(* Let $r_1 \ge 2$ and $x_1 \ge 1$ be integers, let $d = x_1 + r_1 - 1$, and let $\mathbf{q} = (q_1,\ldots,q_d) \in \mathbb{Z}^d$ be the vector whose first $x_1$ entries equal $r_1$ and whose last $r_1 - 1$ entries equal $1 + r_1 x_1$. Let $\Delta_{(1,\mathbf{q})} = \mathrm{conv}\{\mathbf{e}_1,\ldots,\mathbf{e}_d, -\mathbf{q}\} \subset \mathbb{R}^d$. Define $\mathbf{a}'_{r_1+1} = ((-1)^{x_1}, (-x_1)^{r_1-1})$, $\mathbf{a}'_{r_1+2} = (0^{x_1}, (-1)^{r_1-1})$, $\mathbf{a}'_{r_1+3} = \mathbf{0}$, $\mathbf{a}'_i = (r_1 - i + 1)\mathbf{a}'_{r_1+1} + \mathbf{a}'_{r_1+2}$ for $1 \le i \le r_1$, and $\mathbf{b}'_j = \mathbf{e}_{d-j+1}$ for $1 \le j \le d$, and let $\mathcal{A}' = \{\mathbf{a}'_1,\ldots,\mathbf{a}'_{r_1+3},\mathbf{b}'_1,\ldots,\mathbf{b}'_d\}$. Then $\Delta_{(1,\mathbf{q})} \cap \mathbb{Z}^d = \mathcal{A}'$.
   Context: $\mathbf{e}_i$ is the $i$-th standard basis vector of $\mathbb{R}^d$. The notation $(c_1^{y_1}, c_2^{y_2})$ denotes the vector consisting of $y_1$ copies of $c_1$ followed by $y_2$ copies of $c_2$. (These simplices are exactly the reflexive, integer-decomposition-property simplices $\Delta_{(1,\mathbf{q})}$ with $\mathbf{q}$ having two distinct parts and smallest part $r_1>1$.) *)

From HB Require Import structures.
From mathcomp Require Import all_boot all_order all_algebra.
From mathcomp Require Import reals.
Set Implicit Arguments. Unset Strict Implicit. Unset Printing Implicit Defensive.
Import Order.TTheory GRing.Theory Num.Theory.
Local Open Scope ring_scope.

Definition in_conv_hull (R : realType) (d : nat) (S : seq 'rV[R]_d) (x : 'rV[R]_d) : Prop :=
  exists lam : 'I_(size S) -> R,
    (forall i, 0 <= lam i) /\ \sum_i lam i = 1 /\
    x = \sum_i lam i *: S`_i.

Definition dimd (r1 x1 : nat) : nat := (x1 + r1 - 1)%N.

Definition evec (d : nat) (i : 'I_d) : 'rV[int]_d := delta_mx 0 i.

Definition qvec (r1 x1 : nat) : 'rV[int]_(dimd r1 x1) :=
  \row_(i < dimd r1 x1) if (i < x1)%N then (r1%:Z) else (1 + r1 * x1)%N%:Z.

Definition simplex_vertices (r1 x1 : nat) : seq 'rV[int]_(dimd r1 x1) :=
  [seq evec i | i <- enum 'I_(dimd r1 x1)] ++ [:: - qvec r1 x1].

Definition a_r1p1 (r1 x1 : nat) : 'rV[int]_(dimd r1 x1) :=
  \row_(i < dimd r1 x1) if (i < x1)%N then -1 else - (x1%:Z).

Definition a_r1p2 (r1 x1 : nat) : 'rV[int]_(dimd r1 x1) :=
  \row_(i < dimd r1 x1) if (i < x1)%N then 0 else -1.

Definition a_r1p3 (r1 x1 : nat) : 'rV[int]_(dimd r1 x1) := 0.

Definition a_i (r1 x1 i : nat) : 'rV[int]_(dimd r1 x1) :=
  ((r1 - i + 1)%N%:Z) *: a_r1p1 r1 x1 + a_r1p2 r1 x1.

(* b'_j = e_{d-j+1} (1-based), i.e. 0-based index d - j, for 1 <= j <= d *)
Definition b_j (r1 x1 j : nat) : 'rV[int]_(dimd r1 x1) :=
  \row_(k < dimd r1 x1) if (nat_of_ord k == dimd r1 x1 - j)%N then 1 else 0.

Definition Aprime (r1 x1 : nat) : seq 'rV[int]_(dimd r1 x1) :=
  [seq a_i r1 x1 i | i <- iota 1 r1] ++
  [:: a_r1p1 r1 x1; a_r1p2 r1 x1; a_r1p3 r1 x1] ++
  [seq b_j r1 x1 j | j <- iota 1 (dimd r1 x1)].

Definition toR (R : realType) (d : nat) (z : 'rV[int]_d) : 'rV[R]_d :=
  map_mx (fun t : int => t%:~R) z.

From mathcomp Require Import all_boot all_order all_algebra.
From mathcomp Require Import reals.
From mathcomp Require Import zify ring.
Set Implicit Arguments. Unset Strict Implicit. Unset Printing Implicit Defensive.
Import Order.TTheory GRing.Theory Num.Theory.
Local Open Scope ring_scope.

(* Put N = 1 + q_1 + ... + q_d = r1 (1 + r1 x1).  A point x lies in the simplex
   iff its barycentric coordinates t/N, with t = 1 - sum_k x_k, at the vertex -q
   and (N x_k + t q_k)/N at e_k are nonnegative.  For a lattice point z the
   integer t is either 0, and then z >= 0 with coordinate sum 1 is some e_k, or
   positive; then the integers N z_k + t q_k are nonnegative with sum N - t < N,
   so z is constant on the level sets of q, i.e. z = (a^x1, b^(r1-1)), and the
   two remaining inequalities in (a, b) force r1 b + t to be 0 or 1, which
   leaves exactly the points a'_1, ..., a'_(r1+3). *)

Lemma in_conv_hull_nat (R : realType) d (S : seq 'rV[R]_d) x :
  in_conv_hull S x <-> exists g : nat -> R,
    [/\ forall i, (i < size S)%N -> 0 <= g i,
        \sum_(0 <= i < size S) g i = 1
      & x = \sum_(0 <= i < size S) g i *: S`_i].
Proof.
split.
- case=> lam [lam_ge0 [lam_sum ->]].
  exists (fun i => oapp lam 0 (insub i)); rewrite !big_mkord; split.
  + by move=> i _; case: insubP => [j _ _ /=|_ /=]; rewrite ?lam_ge0.
  + by rewrite -lam_sum; apply: eq_bigr => j _; rewrite valK.
  + by apply: eq_bigr => j _; rewrite valK.
- case=> g [g_ge0]; rewrite !big_mkord => g_sum ->.
  by exists (fun i => g i); split=> // i; apply: g_ge0.
Qed.

Section SimplexHull.
Variables (R : realType) (d : nat) (q : 'rV[R]_d).
Local Notation S := ([seq delta_mx 0 i | i <- enum 'I_d] ++ [:: - q]).

Lemma size_simplex : size S = d.+1.
Proof. by rewrite size_cat size_map size_enum_ord addn1. Qed.

Lemma simplex_entry i k :
  S`_i 0 k = if (i < d)%N then (i == k)%:R else if i == d then - q 0 k else 0.
Proof.
have [i_gt_d | i_le_d] := ltnP d i.
  by rewrite nth_default ?size_simplex // mxE ltnNge ltnW //= gtn_eqF.
rewrite nth_cat size_map size_enum_ord; case: ltnP => [i_lt_d | i_ge_d].
  by rewrite (nth_map k) ?size_enum_ord // mxE eqxx -(inj_eq val_inj) /= nth_enum_ord // eq_sym.
have -> : i = d by apply/eqP; rewrite eqn_leq i_le_d.
by rewrite subnn eqxx mxE.
Qed.

Lemma sum_simplex_entry (g : nat -> R) k :
  \sum_(0 <= i < d.+1) g i * S`_i 0 k = g k - g d * q 0 k.
Proof.
rewrite big_nat_recr //= simplex_entry ltnn eqxx mulrN; congr (_ - _).
rewrite big_mkord (bigD1 k) //= simplex_entry ltn_ord eqxx mulr1.
rewrite big1 ?addr0 // => i ik; rewrite simplex_entry ltn_ord.
by rewrite (inj_eq val_inj) (negbTE ik) mulr0.
Qed.

Lemma in_conv_hull_simplexP x : 0 < 1 + \sum_k q 0 k ->
  in_conv_hull S x <->
  0 <= 1 - \sum_k x 0 k /\
  forall k, 0 <= (1 + \sum_i q 0 i) * x 0 k + (1 - \sum_i x 0 i) * q 0 k.
Proof.
move=> N_gt0; rewrite in_conv_hull_nat size_simplex.
set N := 1 + \sum_i q 0 i in N_gt0 *; set t := 1 - \sum_i x 0 i.
have N_neq0 : N != 0 by rewrite gt_eqF.
have entry_sum (g : nat -> R) k :
    (\sum_(0 <= i < d.+1) g i *: S`_i) 0 k = g k - g d * q 0 k.
  by rewrite summxE -sum_simplex_entry; apply: eq_bigr => i _; rewrite mxE.
split.
- case=> g [g_ge0 g_sum x_def].
  have xE k : x 0 k = g k - g d * q 0 k by rewrite x_def entry_sum.
  have tE : t = g d * N.
    have sum_g : \sum_(i < d) g i = 1 - g d.
      by rewrite -g_sum big_nat_recr //= big_mkord addrK.
    rewrite /t /N; under eq_bigr do rewrite xE.
    by rewrite sumrB -mulr_sumr sum_g; ring.
  split; first by rewrite tE mulr_ge0 ?g_ge0 // ltW.
  move=> k; rewrite tE xE.
  rewrite [X in 0 <= X](_ : _ = N * g k); last by ring.
  by apply: mulr_ge0; [exact: ltW | apply: g_ge0; rewrite ltnS ltnW].
- case=> t_ge0 bary_ge0; pose lam := t / N.
  pose g i := oapp (fun k => x 0 k + lam * q 0 k) lam (insub i).
  have gE (k : 'I_d) : g k = x 0 k + lam * q 0 k by rewrite /g valK.
  have gd : g d = lam by rewrite /g insubF ?ltnn.
  exists g; split.
  + move=> i _; rewrite /g; case: insubP => [k _ _ /=|_ /=].
      rewrite (_ : _ + _ = (N * x 0 k + t * q 0 k) / N); last by rewrite /lam; field.
      by apply: divr_ge0; [exact: bary_ge0 | exact: ltW].
    by apply: divr_ge0; [exact: t_ge0 | exact: ltW].
  + rewrite big_nat_recr //= big_mkord; under eq_bigr do rewrite gE.
    have sum_q : \sum_i q 0 i = N - 1 by rewrite /N; ring.
    have sum_x : \sum_i x 0 i = 1 - t by rewrite /t; ring.
    by rewrite big_split /= -mulr_sumr gd sum_q sum_x /lam; field.
  + by apply/rowP => k; rewrite entry_sum gE gd addrK.
Qed.

End SimplexHull.

(* With N = 1 + sum_i q_i and t = 1 - sum_i x_i, the numbers t and N x_k + t q_k
   are N times the barycentric coordinates of x at the vertices -q and e_k. *)
Definition simplex_ineqs d (q x : 'rV[int]_d) : Prop :=
  0 <= 1 - \sum_k x 0 k /\
  forall k, 0 <= (1 + \sum_i q 0 i) * x 0 k + (1 - \sum_i x 0 i) * q 0 k.

Lemma sum_toR (R : realType) d (v : 'rV[int]_d) :
  \sum_k toR R v 0 k = (\sum_k v 0 k)%:~R.
Proof. by rewrite rmorph_sum; apply: eq_bigr => k _; rewrite mxE. Qed.

Lemma in_conv_hull_lattice_simplexP (R : realType) d (q z : 'rV[int]_d) :
  0 < 1 + \sum_k q 0 k ->
  in_conv_hull (map (@toR R d) ([seq evec i | i <- enum 'I_d] ++ [:: - q])) (toR R z)
  <-> simplex_ineqs q z.
Proof.
move=> N_gt0.
have -> : map (@toR R d) ([seq evec i | i <- enum 'I_d] ++ [:: - q])
          = [seq delta_mx 0 i | i <- enum 'I_d] ++ [:: - toR R q].
  rewrite map_cat -map_comp; congr (_ ++ [:: _]).
    by apply: eq_map => i /=; rewrite /toR map_delta_mx.
  by apply/rowP => k; rewrite !mxE intrN.
rewrite in_conv_hull_simplexP; last by rewrite sum_toR -[1](mulr1z) -intrD ltr0z.
have t_cast : (0 <= 1 - \sum_k toR R z 0 k) = (0 <= 1 - \sum_k z 0 k).
  by rewrite sum_toR -(ler0z R) intrD intrN mulr1z.
have bary_cast k :
  (0 <= (1 + \sum_i toR R q 0 i) * toR R z 0 k + (1 - \sum_i toR R z 0 i) * toR R q 0 k)
  = (0 <= (1 + \sum_i q 0 i) * z 0 k + (1 - \sum_i z 0 i) * q 0 k).
  by rewrite !sum_toR !mxE -(ler0z R) !(intrD, intrN, intrM, mulr1z).
rewrite /simplex_ineqs t_cast.
by split=> -[t_ge0 bary_ge0]; split=> // k; [rewrite -bary_cast | rewrite bary_cast].
Qed.

Lemma ge0_sum1_delta_mx d (z : 'rV[int]_d) :
  (forall k, 0 <= z 0 k) -> \sum_k z 0 k = 1 -> exists k, z = delta_mx 0 k.
Proof.
move=> z_ge0 z_sum.
have [k z_k_gt0 | z_le0] := pickP (fun k => 0 < z 0 k); last first.
  by move: z_sum; rewrite big1 // => k _; apply/eqP; rewrite eq_le z_ge0 leNgt z_le0.
move: z_sum; rewrite (bigD1 k) //=; set rest := \sum_(i | _) _ => z_sum.
have [z_k rest_eq0] : z 0 k = 1 /\ rest = 0.
  have : 0 <= rest by apply: sumr_ge0.
  lia.
exists k; apply/rowP => i; rewrite mxE eqxx /=.
have [->|ik] := eqVneq i k; first by rewrite z_k.
exact: (psumr_eq0P (fun i _ => z_ge0 i) rest_eq0).
Qed.

Section LatticeSimplex.
Variables (d : nat) (q z : 'rV[int]_d).
Hypothesis N_gt0 : 0 < 1 + \sum_k q 0 k.
Hypothesis z_ineqs : simplex_ineqs q z.

Lemma simplex_ineqs_delta_mx : \sum_k z 0 k = 1 -> exists k, z = delta_mx 0 k.
Proof.
move=> z_sum; apply: ge0_sum1_delta_mx => // k.
by have := z_ineqs.2 k; rewrite z_sum subrr mul0r addr0 pmulr_rge0.
Qed.

(* The weights w_k = N z_k + t q_k lie in [0, N - t], with t >= 1, and two of them
   with the same q_k differ by a multiple of N. *)
Lemma simplex_ineqs_eq k k' : \sum_i z 0 i != 1 -> q 0 k = q 0 k' -> z 0 k = z 0 k'.
Proof.
move=> z_sum_neq1 qkk'; have [t_ge0 w_ge0] := z_ineqs; have N_pos := N_gt0.
set N : int := 1 + \sum_i q 0 i in N_pos w_ge0; set t : int := 1 - \sum_i z 0 i in t_ge0 w_ge0.
have t_ge1 : 1 <= t by rewrite /t; lia.
have w_sum : \sum_i (N * z 0 i + t * q 0 i) = N - t.
  by rewrite big_split /= -!mulr_sumr /N /t; ring.
have w_le j : N * z 0 j + t * q 0 j <= N - t.
  by rewrite -w_sum (bigD1 j) //= lerDl sumr_ge0.
have := w_ge0 k; have := w_ge0 k'; have := w_le k; have := w_le k'.
rewrite qkk'; nia.
Qed.

End LatticeSimplex.

Lemma block_ineqs_classify (R X a b t : int) : 2 <= R -> 1 <= X ->
  t = 1 - (X * a + (R - 1) * b) -> 1 <= t ->
  0 <= (1 + R * X) * a + t -> 0 <= R * b + t ->
  [\/ -R <= a <= 0 /\ b = X * a - 1, a = 0 /\ b = 0 | a = -1 /\ b = -X].
Proof.
move=> R_ge2 X_ge1 tE t_ge1 A_ge0 B_ge0.
(* The left summand is nonnegative and R (1 + R X) - t < 2 (R - 1) (1 + R X). *)
have key : R * X * ((1 + R * X) * a + t) + (1 + R * X) * (R - 1) * (R * b + t)
           = R * (1 + R * X) - t by rewrite tE; ring.
have B_le1 : R * b + t <= 1.
  have : 0 <= R * X * ((1 + R * X) * a + t) by rewrite mulr_ge0 //; nia.
  have : 0 <= (1 + R * X) * (R - 2) by nia.
  nia.
have [B0 | B1] : R * b + t = 0 \/ R * b + t = 1 by lia.
- have bE : b = X * a - 1 by nia.
  by constructor 1; split; [apply/andP; split|]; nia.
- have bE : b = X * a by nia.
  have [a0 | a1] : a = 0 \/ a = -1 by nia.
  + by constructor 2; split; nia.
  + by constructor 3; split; nia.
Qed.

Section Delta1q.
Variables r1 x1 : nat.
Hypotheses (r1_ge2 : (2 <= r1)%N) (x1_ge1 : (1 <= x1)%N).
Local Notation d := (dimd r1 x1).

Definition blockrow (a b : int) : 'rV[int]_d :=
  \row_(k < d) if (k < x1)%N then a else b.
#####
• _Aim of the exercise_: Precisely the lines between those holding "rewrite [X in" and "Lemma sum_toR (R", inclusive, are to be reproduced from the listing above, with nothing added.

• _Finished exercise_:
  rewrite [X in 0 <= X](_ : _ = N * g k); last by ring.
  by apply: mulr_ge0; [exact: ltW | apply: g_ge0; rewrite ltnS ltnW].
- case=> t_ge0 bary_ge0; pose lam := t / N.
  pose g i := oapp (fun k => x 0 k + lam * q 0 k) lam (insub i).
  have gE (k : 'I_d) : g k = x 0 k + lam * q 0 k by rewrite /g valK.
  have gd : g d = lam by rewrite /g insubF ?ltnn.
  exists g; split.
  + move=> i _; rewrite /g; case: insubP => [k _ _ /=|_ /=].
      rewrite (_ : _ + _ = (N * x 0 k + t * q 0 k) / N); last by rewrite /lam; field.
      by apply: divr_ge0; [exact: bary_ge0 | exact: ltW].
    by apply: divr_ge0; [exact: t_ge0 | exact: ltW].
  + rewrite big_nat_recr //= big_mkord; under eq_bigr do rewrite gE.
    have sum_q : \sum_i q 0 i = N - 1 by rewrite /N; ring.
    have sum_x : \sum_i x 0 i = 1 - t by rewrite /t; ring.
    by rewrite big_split /= -mulr_sumr gd sum_q sum_x /lam; field.
  + by apply/rowP => k; rewrite entry_sum gE gd addrK.
Qed.

End SimplexHull.

(* With N = 1 + sum_i q_i and t = 1 - sum_i x_i, the numbers t and N x_k + t q_k
   are N times the barycentric coordinates of x at the vertices -q and e_k. *)
Definition simplex_ineqs d (q x : 'rV[int]_d) : Prop :=
  0 <= 1 - \sum_k x 0 k /\
  forall k, 0 <= (1 + \sum_i q 0 i) * x 0 k + (1 - \sum_i x 0 i) * q 0 k.

Lemma sum_toR (R : realType) d (v : 'rV[int]_d) :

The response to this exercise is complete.